Stored data entries:
(* Let $S$ be a semigroup such that $E(S)$ is a semilattice. Then the $\mathcal{L}^*$-classes of idempotents form a meet semilattice under the partial order on $S/\mathcal{L}^*$ induced by $\leq_{\mathcal{L}^*}$, and for all $e,f\in E(S)$ we have $L^*_e\wedge L^*_f=L^*_{ef}$.
   Context: On $S$, $a\leq_{\mathcal{L}^*}b$ iff for all $x,y\in S^1$, $bx=by$ implies $ax=ay$; $\mathcal{L}^*$ is the associated equivalence ($a\,\mathcal{L}^*\,b$ iff for all $x,y\in S^1$, $ax=ay\Leftrightarrow bx=by$), and $L^*_a$ denotes the $\mathcal{L}^*$-class of $a$. $E(S)$ is the set of idempotents; it is a semilattice when idempotents commute. *)

(* Plain Rocq: a semigroup is a carrier type S with an associative
   binary operation [mul].  S^1 = S with an adjoined identity is modelled
   as [option S], [None] being the adjoined identity 1. *)

Definition mul1 {S : Type} (mul : S -> S -> S) (a : S) (x : option S) : S :=
  match x with
  | None => a
  | Some y => mul a y
  end.

Definition leLstar {S : Type} (mul : S -> S -> S) (a b : S) : Prop :=
  forall x y : option S, mul1 mul b x = mul1 mul b y -> mul1 mul a x = mul1 mul a y.

Definition Lstar {S : Type} (mul : S -> S -> S) (a b : S) : Prop :=
  forall x y : option S, mul1 mul a x = mul1 mul a y <-> mul1 mul b x = mul1 mul b y.

Definition idempotent {S : Type} (mul : S -> S -> S) (e : S) : Prop :=
  mul e e = e.

Definition associative_op {S : Type} (mul : S -> S -> S) : Prop :=
  forall a b c : S, mul a (mul b c) = mul (mul a b) c.

(* E(S) is a semilattice: idempotents commute. *)
Definition idempotents_commute {S : Type} (mul : S -> S -> S) : Prop :=
  forall e f : S, idempotent mul e -> idempotent mul f -> mul e f = mul f e.


(* Left multiples move down, since (ab)x = a(bx) makes every equation
   b x = b y an equation (ab) x = (ab) y; and below an idempotent e the
   relation is just g e = g (test with x = e, y = 1).  Hence for commuting
   idempotents ef = fe lies below e and f, and any g below both
   satisfies g (ef) = (ge) f = g, so it lies below ef. *)

Section LstarOrder.

Context {S : Type} (mul : S -> S -> S).

Lemma leLstar_refl (a : S) : leLstar mul a a.
Proof. intros x y H; exact H. Qed.

Lemma leLstar_trans (a b c : S) :
  leLstar mul a b -> leLstar mul b c -> leLstar mul a c.
Proof. intros Hab Hbc x y H; apply Hab, Hbc, H. Qed.

Lemma Lstar_iff_leLstar (a b : S) :
  Lstar mul a b <-> leLstar mul a b /\ leLstar mul b a.
Proof.
  split.
  - intros H; split; intros x y; apply H.
  - intros [Hab Hba] x y; split; [apply Hba | apply Hab].
Qed.

Hypothesis mulA : associative_op mul.

Lemma mul1A (a b : S) (x : option S) :
  mul1 mul (mul a b) x = mul a (mul1 mul b x).
Proof. destruct x; simpl; [symmetry; apply mulA | reflexivity]. Qed.

Lemma idempotent_mul (e f : S) :
  idempotent mul e -> idempotent mul f -> mul e f = mul f e ->
  idempotent mul (mul e f).
Proof.
  intros He Hf Hef; unfold idempotent.
  rewrite <- mulA, (mulA f e f), <- Hef, <- mulA, Hf, mulA, He.
  reflexivity.
Qed.

Lemma leLstar_mull (a b : S) : leLstar mul (mul a b) b.
Proof. intros x y H; rewrite !mul1A, H; reflexivity. Qed.

Lemma leLstar_idempotentE (g e : S) :
  idempotent mul e -> leLstar mul g e <-> mul g e = g.
Proof.
  intros He; split.
  - intros Hge; apply (Hge (Some e) None); exact He.
  - intros Hg; rewrite <- Hg; apply leLstar_mull.
Qed.

End LstarOrder.

Theorem lemma4p3 (S : Type) (mul : S -> S -> S)
    (Hassoc : associative_op mul) (HE : idempotents_commute mul) :
  (* <=_{L*} is a preorder whose associated equivalence is L*, so it induces
     a partial order on S/L* *)
  (forall a, leLstar mul a a) /\
  (forall a b c, leLstar mul a b -> leLstar mul b c -> leLstar mul a c) /\
  (forall a b, Lstar mul a b <-> (leLstar mul a b /\ leLstar mul b a)) /\
  (* for idempotents e, f: ef is idempotent and L*_{ef} is the meet of
     L*_e and L*_f among the L*-classes of idempotents *)
  (forall e f : S, idempotent mul e -> idempotent mul f ->
     idempotent mul (mul e f) /\
     leLstar mul (mul e f) e /\ leLstar mul (mul e f) f /\
     (forall g : S, idempotent mul g ->
        leLstar mul g e -> leLstar mul g f -> leLstar mul g (mul e f))).
Proof.
  split; [exact (leLstar_refl mul) |].
  split; [exact (leLstar_trans mul) |].
  split; [exact (Lstar_iff_leLstar mul) |].
  intros e f He Hf.
  assert (Hef : mul e f = mul f e) by (apply HE; assumption).
  assert (Hidem : idempotent mul (mul e f))
    by exact (idempotent_mul mul Hassoc e f He Hf Hef).
  split; [exact Hidem |].
  split; [rewrite Hef; apply (leLstar_mull mul Hassoc) |].
  split; [apply (leLstar_mull mul Hassoc) |].
  intros g _ Hge Hgf.
  apply (leLstar_idempotentE mul Hassoc g (mul e f) Hidem).
  apply (leLstar_idempotentE mul Hassoc g e He) in Hge.
  apply (leLstar_idempotentE mul Hassoc g f Hf) in Hgf.
  rewrite Hassoc, Hge, Hgf; reflexivity.
Qed.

### Work instruction
Each record is to be retyped exactly as written.

### Result of this exercise
(* Let $S$ be a semigroup such that $E(S)$ is a semilattice. Then the $\mathcal{L}^*$-classes of idempotents form a meet semilattice under the partial order on $S/\mathcal{L}^*$ induced by $\leq_{\mathcal{L}^*}$, and for all $e,f\in E(S)$ we have $L^*_e\wedge L^*_f=L^*_{ef}$.
   Context: On $S$, $a\leq_{\mathcal{L}^*}b$ iff for all $x,y\in S^1$, $bx=by$ implies $ax=ay$; $\mathcal{L}^*$ is the associated equivalence ($a\,\mathcal{L}^*\,b$ iff for all $x,y\in S^1$, $ax=ay\Leftrightarrow bx=by$), and $L^*_a$ denotes the $\mathcal{L}^*$-class of $a$. $E(S)$ is the set of idempotents; it is a semilattice when idempotents commute. *)

(* Plain Rocq: a semigroup is a carrier type S with an associative
   binary operation [mul].  S^1 = S with an adjoined identity is modelled
   as [option S], [None] being the adjoined identity 1. *)

Definition mul1 {S : Type} (mul : S -> S -> S) (a : S) (x : option S) : S :=
  match x with
  | None => a
  | Some y => mul a y
  end.

Definition leLstar {S : Type} (mul : S -> S -> S) (a b : S) : Prop :=
  forall x y : option S, mul1 mul b x = mul1 mul b y -> mul1 mul a x = mul1 mul a y.

Definition Lstar {S : Type} (mul : S -> S -> S) (a b : S) : Prop :=
  forall x y : option S, mul1 mul a x = mul1 mul a y <-> mul1 mul b x = mul1 mul b y.

Definition idempotent {S : Type} (mul : S -> S -> S) (e : S) : Prop :=
  mul e e = e.

Definition associative_op {S : Type} (mul : S -> S -> S) : Prop :=
  forall a b c : S, mul a (mul b c) = mul (mul a b) c.

(* E(S) is a semilattice: idempotents commute. *)
Definition idempotents_commute {S : Type} (mul : S -> S -> S) : Prop :=
  forall e f : S, idempotent mul e -> idempotent mul f -> mul e f = mul f e.


(* Left multiples move down, since (ab)x = a(bx) makes every equation
   b x = b y an equation (ab) x = (ab) y; and below an idempotent e the
   relation is just g e = g (test with x = e, y = 1).  Hence for commuting
   idempotents ef = fe lies below e and f, and any g below both
   satisfies g (ef) = (ge) f = g, so it lies below ef. *)

Section LstarOrder.

Context {S : Type} (mul : S -> S -> S).

Lemma leLstar_refl (a : S) : leLstar mul a a.
Proof. intros x y H; exact H. Qed.

Lemma leLstar_trans (a b c : S) :
  leLstar mul a b -> leLstar mul b c -> leLstar mul a c.
Proof. intros Hab Hbc x y H; apply Hab, Hbc, H. Qed.

Lemma Lstar_iff_leLstar (a b : S) :
  Lstar mul a b <-> leLstar mul a b /\ leLstar mul b a.
Proof.
  split.
  - intros H; split; intros x y; apply H.
  - intros [Hab Hba] x y; split; [apply Hba | apply Hab].
Qed.

Hypothesis mulA : associative_op mul.

Lemma mul1A (a b : S) (x : option S) :
  mul1 mul (mul a b) x = mul a (mul1 mul b x).
Proof. destruct x; simpl; [symmetry; apply mulA | reflexivity]. Qed.

Lemma idempotent_mul (e f : S) :
  idempotent mul e -> idempotent mul f -> mul e f = mul f e ->
  idempotent mul (mul e f).
Proof.
  intros He Hf Hef; unfold idempotent.
  rewrite <- mulA, (mulA f e f), <- Hef, <- mulA, Hf, mulA, He.
  reflexivity.
Qed.

Lemma leLstar_mull (a b : S) : leLstar mul (mul a b) b.
Proof. intros x y H; rewrite !mul1A, H; reflexivity. Qed.

Lemma leLstar_idempotentE (g e : S) :
  idempotent mul e -> leLstar mul g e <-> mul g e = g.
Proof.
  intros He; split.
  - intros Hge; apply (Hge (Some e) None); exact He.
  - intros Hg; rewrite <- Hg; apply leLstar_mull.
Qed.

End LstarOrder.

Theorem lemma4p3 (S : Type) (mul : S -> S -> S)
    (Hassoc : associative_op mul) (HE : idempotents_commute mul) :
  (* <=_{L*} is a preorder whose associated equivalence is L*, so it induces
     a partial order on S/L* *)
  (forall a, leLstar mul a a) /\
  (forall a b c, leLstar mul a b -> leLstar mul b c -> leLstar mul a c) /\
  (forall a b, Lstar mul a b <-> (leLstar mul a b /\ leLstar mul b a)) /\
  (* for idempotents e, f: ef is idempotent and L*_{ef} is the meet of
     L*_e and L*_f among the L*-classes of idempotents *)
  (forall e f : S, idempotent mul e -> idempotent mul f ->
     idempotent mul (mul e f) /\
     leLstar mul (mul e f) e /\ leLstar mul (mul e f) f /\
     (forall g : S, idempotent mul g ->
        leLstar mul g e -> leLstar mul g f -> leLstar mul g (mul e f))).
Proof.
  split; [exact (leLstar_refl mul) |].
  split; [exact (leLstar_trans mul) |].
  split; [exact (Lstar_iff_leLstar mul) |].
  intros e f He Hf.
  assert (Hef : mul e f = mul f e) by (apply HE; assumption).
  assert (Hidem : idempotent mul (mul e f))
    by exact (idempotent_mul mul Hassoc e f He Hf Hef).
  split; [exact Hidem |].
  split; [rewrite Hef; apply (leLstar_mull mul Hassoc) |].
  split; [apply (leLstar_mull mul Hassoc) |].
  intros g _ Hge Hgf.
  apply (leLstar_idempotentE mul Hassoc g (mul e f) Hidem).
  apply (leLstar_idempotentE mul Hassoc g e He) in Hge.
  apply (leLstar_idempotentE mul Hassoc g f Hf) in Hgf.
  rewrite Hassoc, Hge, Hgf; reflexivity.
Qed.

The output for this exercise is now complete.